Run multiple open source LLMs locally on your machine
Large Language Models are text-based input generation models that allow users to ask questions and receive an output based on input parameters. Some online LLMs are ChatGPT, Claude, Gemini etc.
The problem with online LLMs is that you need an internet connection to use them and also a questionable data integrity, we have a solution, i.e. to install open source LLMs locally on our computer and use our own GPUs to generate output. The advantage is that your data is secure and safe, no third party can access your queries, its useful for privacy focused users and companies. You can also setup a server comprised of multiple Nvidia GPUs and fine tune the models according to your use case.
I am using MacBook Pro based on Apple silicon so for Windows/Linux users the steps may vary.
I also recommend a machine with at least 64GB ram, as it will take up to 70–75% of the ram usage (44GB — 48GB ram) to run optimally, you would not want memory swap as it’ll deteriorate your SSD in long run and slow down the process due to swaps.
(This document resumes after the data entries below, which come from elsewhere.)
Lemma free_fmap_row b c (i : 'I_#|gens_below m b|)
    (ic : enum_val i \in gens_below m c) :
  row i (fmap FR b c) = 'e_(enum_rank_in ic (enum_val i)).
Proof.
apply/rowP => k; rewrite !mxE eqxx /= eq_sym.
by rewrite -(inj_eq enum_val_inj) enum_rankK_in.
Qed.

Lemma free_fmap_rowM b c p (B : 'M_(fdim FR c, p)) (i : 'I_#|gens_below m b|)
    (ic : enum_val i \in gens_below m c) :
  row i (fmap FR b c *m B) = row (enum_rank_in ic (enum_val i)) B.
Proof. by rewrite row_mul free_fmap_row -rowE. Qed.

Lemma free_fmap_comp b c e : b <= c -> fmap FR b e = fmap FR b c *m fmap FR c e.
Proof.
move=> le_bc; apply/row_matrixP => i.
have ic : enum_val i \in gens_below m c.
  by rewrite inE (le_trans (tag_enum_val_le i)).
by rewrite (free_fmap_rowM _ ic); apply/rowP => k; rewrite !mxE enum_rankK_in.
Qed.

Lemma free_fmap_retract b c :
    (forall x : gens m, tag x <= c -> tag x <= b) ->
  fmap FR c b *m fmap FR b c = 1%:M.
Proof.
move=> below_b; apply/row_matrixP => i.
have ib : enum_val i \in gens_below m b by rewrite inE below_b ?tag_enum_val_le.
rewrite (free_fmap_rowM _ ib) row1; apply/rowP => k.
by rewrite !mxE enum_rankK_in // (inj_eq enum_val_inj) eq_sym.
Qed.

Lemma row_free_free_fmap b c : b <= c -> row_free (fmap FR b c).
Proof.
move=> le_bc; apply/row_freeP; exists (fmap FR c b).
by apply: free_fmap_retract => x /le_trans; apply.
Qed.

Lemma row_full_free_fmap b c :
  (forall x : gens m, tag x <= c -> tag x <= b) -> row_full (fmap FR b c).
Proof.
move=> below_b; apply/row_fullP; exists (fmap FR c b).
exact: free_fmap_retract.
Qed.

Lemma free_fmap_mul_col_eq0 b c p (A : 'M_(p, fdim FR b)) i
    (k : 'I_#|gens_below m c|) :
  ~~ (tag (enum_val k) <= b) -> (A *m fmap FR b c) i k = 0.
Proof.
move=> not_le_kb; rewrite mxE big1 // => l _; rewrite mxE.
case: eqP => [el | _]; last by rewrite mulr0.
by rewrite -el tag_enum_val_le in not_le_kb.
Qed.

End FreeFunctor.

Section Functors.
Variables (disp : Order.disp_t) (J : finPOrderType disp) (K : fieldType).
Implicit Types (C D E G : fdata J K).
Local Open Scope ring_scope.
Local Open Scope order_scope.

Definition right_minimal D E (f : ntrans D E) : Prop :=
  forall h : ntrans D D, natural h -> (forall a, h a *m f a = f a) -> is_iso h.

Definition iso_free C (m : J -> nat) : Prop :=
  exists eta : ntrans C (Defs.free K m), is_iso eta.

Lemma natural_mul D E G (f : ntrans D E) (g : ntrans E G) :
  natural f -> natural g -> natural (fun a => f a *m g a).
Proof.
move=> nat_f nat_g b c le_bc.
by rewrite mulmxA nat_f // -mulmxA nat_g // mulmxA.
Qed.

Section Isomorphism.
Variables (C G : fdata J K) (eta : ntrans C G) (theta : ntrans G C).
Hypotheses (nat_eta : natural eta) (nat_theta : natural theta).
Hypothesis eta_theta :
  forall a, eta a *m theta a = 1%:M /\ theta a *m eta a = 1%:M.

Lemma iso_fmapE b c : b <= c -> fmap C b c = eta b *m fmap G b c *m theta c.
Proof.
by move=> le_bc; rewrite -nat_eta // -mulmxA (proj1 (eta_theta c)) mulmx1.
Qed.

Lemma row_free_iso_fmap b c :
  b <= c -> row_free (fmap G b c) -> row_free (fmap C b c).
Proof.
move=> le_bc /row_freeP[B GB]; rewrite iso_fmapE //; apply/row_freeP.
exists (eta c *m B *m theta b).
rewrite !mulmxA -(mulmxA _ (theta c)) (proj2 (eta_theta c)) mulmx1.
by rewrite -(mulmxA _ _ B) GB mulmx1 (proj1 (eta_theta b)).
Qed.

Lemma row_full_iso_fmap b c :
  b <= c -> row_full (fmap G b c) -> row_full (fmap C b c).
Proof.
move=> le_bc /row_fullP[P PG]; rewrite iso_fmapE //; apply/row_fullP.
exists (eta c *m P *m theta b).
rewrite !mulmxA -(mulmxA _ (theta b)) (proj2 (eta_theta b)) mulmx1.
by rewrite -(mulmxA _ P) PG mulmx1 (proj1 (eta_theta c)).
Qed.

Lemma fdim_iso a : fdim C a = fdim G a.
Proof.
have [eta_theta_a theta_eta_a] := eta_theta a.
by apply/anti_leq; rewrite (mulmx1_min eta_theta_a) (mulmx1_min theta_eta_a).
Qed.

Lemma right_minimal_iso E (f : ntrans C E) :
  right_minimal f -> right_minimal (fun a => theta a *m f a).
Proof.
move=> min_f h nat_h h_fix.
have nat_h' : natural (fun a => eta a *m h a *m theta a).
  by do 2![apply: natural_mul => //].
have h'_fix a : eta a *m h a *m theta a *m f a = f a.
  by rewrite -!mulmxA h_fix mulmxA (proj1 (eta_theta a)) mul1mx.
have [_ [k [nat_k k_inv]]] := min_f _ nat_h' h'_fix.
split=> //; exists (fun a => theta a *m k a *m eta a); split.
  by do 2![apply: natural_mul => //].
move=> a; have [hk kh] := k_inv a; split.
  transitivity (theta a *m (eta a *m h a *m theta a *m k a) *m eta a).
    by rewrite !mulmxA (proj2 (eta_theta a)) mul1mx.
  by rewrite hk mulmx1 (proj2 (eta_theta a)).
transitivity (theta a *m (k a *m (eta a *m h a *m theta a)) *m eta a).
  by rewrite !mulmxA -(mulmxA _ (theta a)) (proj2 (eta_theta a)) mulmx1.
by rewrite kh mulmx1 (proj2 (eta_theta a)).
Qed.
End Isomorphism.

Lemma exact_lift D E G (phi : ntrans D E) (g : ntrans E G) j t
    (z : 'rV_(fdim E t)) :
    natural phi -> natural g -> j <= t -> (phi j == kermx (g j))%MS ->
    row_full (fmap E j t) -> row_free (fmap G j t) -> z *m g t = 0 ->
  exists u : 'rV_(fdim D j), z = u *m fmap D j t *m phi t.
Proof.
move=> nat_phi nat_g le_jt exact_j full_E free_G z_g.
have /submxP[y z_y] : (z <= fmap E j t)%MS by exact: submx_full.
have y_g : y *m g j = 0.
  apply/eqP; rewrite -(mulmx_free_eq0 _ free_G) -mulmxA -nat_g // mulmxA.
  by rewrite -z_y z_g.
have /submxP[u y_u] : (y <= phi j)%MS.
  by rewrite (eqmxP exact_j); exact/sub_kermxP.
by exists u; rewrite z_y y_u -mulmxA -nat_phi // mulmxA.
Qed.

End Functors.

Section MinimalFreeCover.
Variables (disp : Order.disp_t) (J : finPOrderType disp) (K : fieldType).
Variables (m : J -> nat) (E : fdata J K).
Local Notation FR := (Defs.free K m).
Variable phi : ntrans FR E.
Hypotheses (nat_phi : natural phi) (min_phi : right_minimal phi).
Local Open Scope ring_scope.
Local Open Scope order_scope.

Lemma right_minimal_gen_coef_neq0 (x0 : gens m) (w : 'rV_(fdim FR (tag x0))) :
  w *m phi (tag x0) = row (gen_idx x0) (phi (tag x0)) -> w 0 (gen_idx x0) != 0.
Proof.
set t := tag x0; set i0 := gen_idx x0 => w_phi; apply/negP => /eqP w_i0.
pose h : ntrans FR FR := fun b => \matrix_i
  (if enum_val i == x0 then w *m fmap FR t b else row i 1%:M).
have nat_h : natural h.
  move=> b c le_bc; apply/row_matrixP => i.
  have ic : enum_val i \in gens_below m c.
    by rewrite inE (le_trans (tag_enum_val_le i)).
  rewrite (free_fmap_rowM _ ic) row_mul !rowK enum_rankK_in //.
  case: eqP => [e_i | _].
    have le_tb : t <= b by rewrite /t -e_i tag_enum_val_le.
    by rewrite -mulmxA -free_fmap_comp.
  by rewrite row1 -row_mul mul1mx (free_fmap_row _ ic).
have h_fix b : h b *m phi b = phi b.
  apply/row_matrixP => i; rewrite row_mul rowK.
  case: eqP => [e_i | _]; last by rewrite -row_mul mul1mx.
  have le_tb : t <= b by rewrite /t -e_i tag_enum_val_le.
  have i0b : enum_val i0 \in gens_below m b.
    by rewrite enum_val_gen_idx inE -e_i tag_enum_val_le.
  rewrite -mulmxA nat_phi // mulmxA w_phi -row_mul -nat_phi //.
  rewrite (free_fmap_rowM _ i0b); congr row.
  by apply: enum_val_inj; rewrite (enum_rankK_in i0b i0b) enum_val_gen_idx.
have h_col0 l : h t l i0 = 0.
  rewrite mxE; case: eqP => [_ | ne_l]; first by rewrite free_fmap_id mulmx1.
  rewrite !mxE; case: eqP => // e_l.
  by case: ne_l; rewrite e_l enum_val_gen_idx.
have [_ [k [_ k_inv]]] := min_phi nat_h h_fix.
move/matrixP: (proj2 (k_inv t)) => /(_ i0 i0).
rewrite !mxE eqxx big1 => [/eqP | l _]; last by rewrite h_col0 mulr0.
by rewrite eq_sym oner_eq0.
Qed.

End MinimalFreeCover.

Section FreeCoverGenerators.
Variables (disp : Order.disp_t) (J : finPOrderType disp) (K : fieldType).
Variables (m1 mE mG : J -> nat) (E G : fdata J K).
Variables (phi : ntrans (Defs.free K m1) E) (g : ntrans E G).
Hypotheses (nat_phi : natural phi) (nat_g : natural g).
Hypothesis min_phi : right_minimal phi.
Hypothesis phi_exact : forall a, (phi a == kermx (g a))%MS.
Hypotheses (free_E : iso_free E mE) (free_G : iso_free G mG).
Local Open Scope ring_scope.
Local Open Scope order_scope.

Lemma gens_below_gen_nonempty (x0 : gens m1) :
  exists x : gens mE, tag x <= tag x0.
Proof.
case: (pickP (fun x : gens mE => tag x <= tag x0)) => [x le_x | none].
  by exists x.
have [eta [_ [theta [_ eta_theta]]]] := free_E.
have dimE0 : fdim E (tag x0) = 0%N.
  rewrite (fdim_iso eta_theta) /=; apply/eqP; rewrite cards_eq0; apply/eqP.
  by apply/setP => x; rewrite !inE none.
have row_eq0 : row (gen_idx x0) (phi (tag x0)) = 0.
  by apply/rowP => -[k lt_k]; exfalso; rewrite dimE0 in lt_k.
have := @right_minimal_gen_coef_neq0 _ _ _ _ _ _ nat_phi min_phi x0 0.
by rewrite mul0mx row_eq0 mxE eqxx => /(_ erefl).
Qed.

Lemma gens_below_gen_unbounded (x0 : gens m1) j :
  j < tag x0 -> exists x : gens mE, (tag x <= tag x0) && ~~ (tag x <= j).
Proof.
set t := tag x0 => lt_jt; have le_jt := ltW lt_jt.
pose escapes (x : gens mE) := (tag x <= t) && ~~ (tag x <= j).
case: (pickP escapes) => [x escapes_x | none]; first by exists x.
have below_j (x : gens mE) : tag x <= t -> tag x <= j.
  by move=> le_xt; have := none x; rewrite /escapes le_xt => /negbFE.
have [etaE [nat_etaE [thetaE [_ etaE_theta]]]] := free_E.
have [etaG [nat_etaG [thetaG [_ etaG_theta]]]] := free_G.
have full_E : row_full (fmap E j t).
  apply: (row_full_iso_fmap nat_etaE etaE_theta le_jt).
  exact: row_full_free_fmap.
have row_free_G : row_free (fmap G j t).
  apply: (row_free_iso_fmap nat_etaG etaG_theta le_jt).
  exact: row_free_free_fmap.
have z_g : row (gen_idx x0) (phi t) *m g t = 0.
  by apply/sub_kermxP; rewrite -(eqmxP (phi_exact t)) row_sub.
have [u z_u] :=
  exact_lift nat_phi nat_g le_jt (phi_exact j) full_E row_free_G z_g.
have := right_minimal_gen_coef_neq0 nat_phi min_phi (esym z_u).
by rewrite free_fmap_mul_col_eq0 ?eqxx // enum_val_gen_idx lt_geF.
Qed.

Lemma free_cover_gen_lub t : upper_semilattice J -> (0 < m1 t)%N ->
  is_lub [set s in supp mE | s <= t] t /\ [set s in supp mE | s <= t] != set0.
Proof.
move=> usl m1_t; set T := [set s in supp mE | s <= t].
pose x0 : gens m1 := Tagged (fun a => 'I_(m1 a)) (Ordinal m1_t).
have gen_in_T (x : gens mE) : tag x <= t -> tag x \in T.
  move=> le_xt; rewrite !inE le_xt andbT -lt0n.
  exact: leq_ltn_trans (leq0n _) (ltn_ord (tagged x)).
have T_ne : T != set0.
  have [x /gen_in_T T_x] := gens_below_gen_nonempty x0.
  by apply/set0Pn; exists (tag x).
split=> //; have [j [j_ub j_least]] := usl T T_ne.
have le_jt : j <= t by apply: j_least => s; rewrite inE => /andP[].
have [<- // | ne_jt] := eqVneq j t.
have lt_jt : j < t by rewrite lt_neqAle ne_jt le_jt.
have [x /andP[/gen_in_T /j_ub le_xj]] :=
  gens_below_gen_unbounded (x0 := x0) lt_jt.
by rewrite le_xj.
Qed.

End FreeCoverGenerators.

Section MinimalResolution.
Variables (disp : Order.disp_t) (J : finPOrderType disp) (K : fieldType).
Local Open Scope ring_scope.
Local Open Scope order_scope.

Lemma minimal_resolution_gen_lub (m1 mE mG : J -> nat) (D E G : fdata J K)
    (f : ntrans D E) (g : ntrans E G) t :
    upper_semilattice J -> natural f -> natural g -> right_minimal f ->
    (forall a, (f a == kermx (g a))%MS) ->
    iso_free D m1 -> iso_free E mE -> iso_free G mG -> (0 < m1 t)%N ->
  is_lub [set s in supp mE | s <= t] t /\ [set s in supp mE | s <= t] != set0.
Proof.
move=> usl nat_f nat_g min_f f_exact.
move=> [eta [nat_eta [theta [nat_theta eta_theta]]]] free_E free_G m1_t.
have exact_phi a : ((theta a *m f a) == kermx (g a))%MS.
  have full_theta : row_full (theta a).
    by apply/row_fullP; exists (eta a); exact: (proj1 (eta_theta a)).
  apply/eqmxP; exact: eqmx_trans (eqmxMfull _ full_theta) (eqmxP (f_exact a)).
have min_phi := right_minimal_iso nat_eta nat_theta eta_theta min_f.
exact: free_cover_gen_lub (natural_mul nat_theta nat_f) nat_g min_phi exact_phi
  free_E free_G t usl m1_t.
Qed.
Disclaimer: only if you are using 70B parameter model, I have added a recommended ram/model list below.
The model we are going to use is Llama3, before we begin, I want to address that you will need both Node and Conda Python environment configured.
Step 1: Clone git repository for WebUI to your dev folder.
git clone https://github.com/open-webui/open-webui.git
We can have a peek at the code
ls open-webui
cd open-webui
code .
As you can see from package.json file, the frontend is written in JavaScript with Svelte framework, and the backend is written in Python.
In order to download Llama3, we would need to download Ollama, which helps us to configure and manage multiple LLM models.
Step 2: Download Ollama
Choose your operating system
Once downloaded, extract the Ollama-darwin.zip folder and then drag the extracted file to your applications folder. You should be able to run Ollama by clicking on the app icon from application folders.
Once you ran the app, go to your web browser and type localhost:11434, which will display if the Ollama is running.
Use your terminal and type:
ollama pull llama3
You can also download any other model such as Phi3, Mixtral, Gemma etc.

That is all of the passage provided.